If you restrict your network file system to sequential I/O, and if you
are willing to specify whether you want a file treated as text or
binary, then it is possible to do things across a variety of systems.
The Xerox D-machines implement a transparent network file system using
normal Internet FTP under these constraints.  NFS didn't do this
because there is no obvious way to tell in Unix whether a file is
binary or text.  There would seem to be basic design issues here, and
I am sceptical about claims that FTAM somehow gets around them.  If
you think of the network file system as something external, i.e. if
you don't store all your system files on it, but use it only for
things that the user knows are special, then of course all these
problems go away.  You can demand some clue as to whether the file is
binary or text, and you can impose restrictions on what operations are
allowed (e.g. no random access or locations specified only by a "magic
cookie").  But NFS was designed to allow you to completely replace
your disk drive with it, in which case such restrictions are not
acceptable.  I'm open to the possibilty that one needs two different
kinds of network file system, one which is completely transparent in
terms of the host system's semantics, and the other which makes
whatever compromises are needed to support every possible operating
system.  NFS is a compromise between these two, and like all
compromises runs the danger of satisfying no one.

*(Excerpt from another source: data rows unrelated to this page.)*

Lemma Theta_psmonoL_step m : ThetaL_upto m -> Theta_psmonoL_upto m.+1.
Proof.
move=> ThetaL v; have [d] := ubnP (deg v); elim: d v => // d IHd v /ltnSE-vd.
have [v_reduced | ] := boolP [forall i, tnth v i < q]%N.
  apply: inL_upto_le ((inL_uptoP _ _ _ _).1 (Theta_reduced (forallP v_reduced)) _).
  by rewrite gerBl mulr_ge0 // ltW.
rewrite negb_forall => /existsP[i]; rewrite -leqNgt => q_le_vi.
have qi_le := expoX_le q_le_vi; set v' := expo_sub v (expoX i q).
have deg_v : deg v = (q + deg v')%N by rewrite (deg_sub qi_le) deg_expoX.
rewrite -(expo_subKC qi_le) -/v' => w; rewrite Theta_psmono_expoX.
rewrite psX_expoX; apply: ord_ge_uptoB.
  have XL := (inL_uptoP _ _ _ _).1 (inL_psmono pi (q%:R * b) (expoX i 1)) m.+1.
  have v'_lt : (deg v' < d)%N.
    by apply: leq_trans vd; rewrite deg_v -[X in (X < _)%N]add0n ltn_add2r.
  have XTL := inL_uptoM XL (IHd v' v'_lt).
  by apply: ord_ge_upto_le (XTL w); rewrite deg_add !deg_expoX natrD; lra.
apply: ord_ge_upto_le (ord_ge_upto_pi (ThetaL _ _ (@inL_f_psmono i v') w)).
have : 0 <= b * q%:R by rewrite mulr_ge0 // ltW.
by rewrite deg_add deg_expoX natrD; lra.
Qed.

Lemma ThetaL_finite_support m (s : seq (expo n)) c g :
  Theta_psmonoL_upto m -> {in [predC s], forall v, g v = 0} ->
  inL pi b c g -> inL_upto pi m (q%:R * b) (c + c1) (Theta g).
Proof.
move=> Theta_monoL; elim: s c g => [|v0 s IHs] c g g_supp gL.
  have -> : g = psscale 0 g.
    by apply: functional_extensionality => v; rewrite /psscale mul0r g_supp.
  rewrite (ThetaZ _ (inL_inA0 b_gt0 gL)) => w k _ _.
  by rewrite /psscale mul0r; apply: pi_dvd0.
pose g' v := if v == v0 then 0 else g v.
have gE : g = psadd (psscale (g v0) (psmono R v0)) g'.
  apply: functional_extensionality => v; rewrite /psadd /psscale /psmono /g'.
  by case: eqP => [->|_]; rewrite ?mulr1 ?addr0 ?mulr0 ?add0r.
have g'L : inL pi b c g'.
  by move=> v; rewrite /g'; case: eqP => _ //; apply: ord_ge0.
have g'_supp : {in [predC s], forall v, g' v = 0}.
  move=> v vs; rewrite /g'; case: eqP => // /eqP v_neq; apply: g_supp.
  by rewrite !inE negb_or v_neq.
rewrite gE (ThetaD (inA0Z _ (inA0_psmono v0)) (inL_inA0 b_gt0 g'L)).
rewrite (ThetaZ _ (inA0_psmono v0)) => w; apply: ord_ge_uptoD; last exact: IHs.
apply: ord_ge_upto_le (ord_ge_uptoM ((ord_geP _ _ _).1 (gL v0) m) (Theta_monoL v0 w)).
lra.
Qed.

Lemma ThetaL_step m : Theta_psmonoL_upto m -> ThetaL_upto m.
Proof.
move=> Theta_monoL c g gL.
have [N [t [tA0 gE]]] := inA0_split m pi_neq0 (inL_inA0 b_gt0 gL).
set g_low := fun v => _ in gE.
have g_lowL : inL pi b c g_low.
  move=> v; rewrite /g_low; case: ifP => _; first exact: gL.
  exact: ord_ge0.
have [s s_low] := expo_deg_lt_enum n N.
have g_low_supp : {in [predC s], forall v, g_low v = 0}.
  by move=> v; rewrite inE /g_low; case: ltnP => // /s_low->.
rewrite gE (ThetaD (inL_inA0 b_gt0 g_lowL) (inA0Z _ tA0)) (ThetaZ _ tA0) => w.
apply: ord_ge_uptoD; first exact: ThetaL_finite_support g_low_supp g_lowL w.
by move=> k km _; apply/pi_dvdMr/(pi_dvd_leq km)/pi_dvd_expr.
Qed.
(** Where the sandwich is all of [[0, 1]], [delta] is a free coordinate. *)
Lemma extreme_free_delta p i0 (t0 : 'I_(l i0).-1) :
  extreme_wrt (@pcomb R d n l) (formulation false) p ->
  1 <= tail_mass (pw p) i0 (tau i0 t0.+1) -> tail_mass (pw p) i0 (tau i0 t0.+1).+1 <= 0 ->
  pdelta p t0 = 0 \/ pdelta p t0 = 1.
Proof.
move=> p_ext tail1 tail0; have [w_distr E w_sandwich _] := formulation_hq_point p_ext.1.
have [x0|x_neq0] := eqVneq (pdelta p t0) 0; first by left.
have [x1|x_neq1] := eqVneq (pdelta p t0) 1; first by right.
have F y : 0 <= y <= 1 -> formulation false (hq_point (pw p) (set_delta (pdelta p) t0 y)).
  move=> /andP[y_ge0 y_le1]; apply/relaxed_hq_pointE/sandwich_set_delta => //.
  by rewrite (le_trans tail0) // (le_trans _ tail1).
have /andP[x_ge0 x_le1] := sandwich_delta_domain w_distr w_sandwich t0.
have x01 : 0 < pdelta p t0 < 1 by rewrite !lt_def x_neq0 x_ge0 eq_sym x_neq1 x_le1.
have := p_ext.2 _ _ _ (F 1 (introT andP (conj ler01 (lexx 1))))
  (F 0 (introT andP (conj (lexx 0) ler01))) x01 (etrans E (hq_point_set_delta _ _ t0)).
move/(congr1 (fun p : pt => pdelta p t0)); rewrite /= /set_delta !eqxx /=.
by move/eqP; rewrite oner_eq0.
Qed.

Lemma vertex_mass_le_gap w q0 i : (forall q, 0 <= w q) ->
  w q0 <= tail_mass w i (q0 i) - tail_mass w i (q0 i).+1.
Proof.
move=> w_ge0; rewrite tail_mass_sub (bigD1 q0) //= eqxx mul1r lerDl.
by apply: sumr_ge0 => q _; rewrite mulr_ge0.
Qed.

Section VertexSplit.
Variables (w : vertex -> R) (dl : forall i : 'I_d, 'I_(l i).-1 -> R) (q0 : vertex).
Hypotheses (w_distr : distribution w) (w_sandwich : sandwich w dl).
Hypotheses (wq0_gt0 : 0 < w q0) (wq0_lt1 : w q0 < 1).

Local Notation ws := (w q0).
Local Notation vertex_weight := (fun q : vertex => (q == q0)%:R).

(** Where [q0 i] is exactly the breakpoint, the vertex part gets the relative position of
    [delta] inside its sandwich. *)
Definition vertex_delta i (t : 'I_(l i).-1) : R :=
  let k := tau i t.+1 in
  if (q0 i < k)%N then 0 else if (k < q0 i)%N then 1
  else (dl t - tail_mass w i k.+1) / (tail_mass w i k - tail_mass w i k.+1).

Definition residual_weight q := (w q - ws * (q == q0)%:R) / (1 - ws).

Definition residual_delta i (t : 'I_(l i).-1) := (dl t - ws * vertex_delta t) / (1 - ws).

Let ws_neq1 : 1 - ws != 0. Proof. by rewrite subr_eq0 eq_sym lt_eqF. Qed.

Lemma hq_point_vertex_split : hq_point w dl =
  pcomb ws (hq_point vertex_weight vertex_delta) (hq_point residual_weight residual_delta).
Proof.
rewrite pcomb_hq_point; congr hq_point.
  by apply: functional_extensionality => q; rewrite /residual_weight; field.
apply: functional_extensionality_dep => i; apply: functional_extensionality => t.
by rewrite /residual_delta; field.
Qed.

Lemma vertex_sandwich : sandwich vertex_weight vertex_delta.
Proof.
move=> i t; rewrite !tail_mass_indicator /vertex_delta /=.
case: (ltngtP (q0 i) (tau i t.+1)) => [lt|gt|eq]; rewrite ?lexx ?ler01 //.
have [w_ge0 _] := w_distr; have /andP[lo hi] := w_sandwich t.
apply: interp01 (introT andP (conj lo hi)); rewrite -subr_gt0.
by apply: lt_le_trans wq0_gt0 _; rewrite -eq vertex_mass_le_gap.
Qed.

Lemma tail_mass_residual i k :
  tail_mass residual_weight i k = (tail_mass w i k - ws * (k <= q0 i)%N%:R) / (1 - ws).
Proof.
rewrite /tail_mass -[X in _ - _ * X](sum_mul_eq_indicator (fun q => (k <= q i)%N%:R) q0).
by rewrite mulr_sumr -sumrB mulr_suml; apply: eq_bigr => q _; rewrite /residual_weight; field.
Qed.

Lemma residual_distribution : distribution residual_weight.
Proof.
have [w_ge0 w_sum] := w_distr; split=> [q|].
  rewrite /residual_weight divr_ge0 ?subr_ge0 ?(ltW wq0_lt1) //.
  by case: eqP => [->|_] /=; rewrite ?mulr1 ?mulr0.
rewrite -mulr_suml sumrB -mulr_sumr w_sum (distribution_indicator R q0).2 mulr1.
exact: divff.
Qed.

Can anybody tell me how FTAM handles these issues?  I don't need the
whole standard, just a brief description of its file model and the
kinds of operations allowed.

mrose@NRTC-GREMLIN.ARPA (Marshall Rose) (12/22/86)

    Well let me try to answer that.  I've only read the spec twice and
    don't have it here in from of me but here goes...

    FTAM is based on the notion of a "virtual filestore" (sound
    familiar, huh?)  The filestore consists of zero or more files, each
    with an unambiguous name.  Each file has a set of attributes (of
    which filename is one) and some contents.  The attributes have the
    usual permission stuff along with a description of the kind of
    information the file contains (e.g., iso646 ascii, octets, bits),
    and a description of the access discipline (my term) for the file.
    The contents is a binary tree.  Each node in the tree contains

	- node attributes:
		node name
		length of arc back to parent
		a flag saying whether data is attached to this node
	- attached data (if any)
	- a list of children

    Now, there are a couple of ways that you can implement a UNIX-style
    regular file.  The simplest is to have just the root node with the
    entire file contents as the attached data (as an octet string) and
    no children.  In this case, the access discipline is rather
    inconsequential, since you can only get at one data element at a
    time and there is only one to choose from.  

    Alternately, for a file like /etc/passwd, you might have a root node
    with no data, and a child for each line in the file.  The access
    discipline would allow you to specify any child element you want
    when you wanted to read or write.

    There are in the spec, several document types and access disciplines
    listed with pre-defined meanings.  Others can be chosen via
    "bi-lateral" agreement.  In the NBS OSI Implementor's Workshop
    Agreements, they have defined a new document type called "directory"
    in which the nodes are, you guessed it, file names.  Assuming you
    had an FTAM server which supported that document type, an FTAM
    client could do the DIR and NLST commands that we've all become so
    attached to.  

    So to answer your question:  FTAM imposes on everyone the same
    fairly general file model.  Each FTAM server consists of a protocol
    engine for FTAM and a localFS-virtualFS engine.  For UNIX-like
    systems, going between the two is rather restricted unless you want
    to put a lot of smarts in your code (at which true UNIX-ites would
    gasp, I'm sure people are reeling at my /etc/passwd example!).  In
    this case, the question of "is it ascii or is it octet-aligned or is
    it bit-aligned" is something the localFS-virtualFS engine for UNIX
    would have to answer.  Now of course, if you had something like
    DEC's RMS in your filesystem, FTAM makes more sense as there is a
    closer match between the local and virtual filestores.  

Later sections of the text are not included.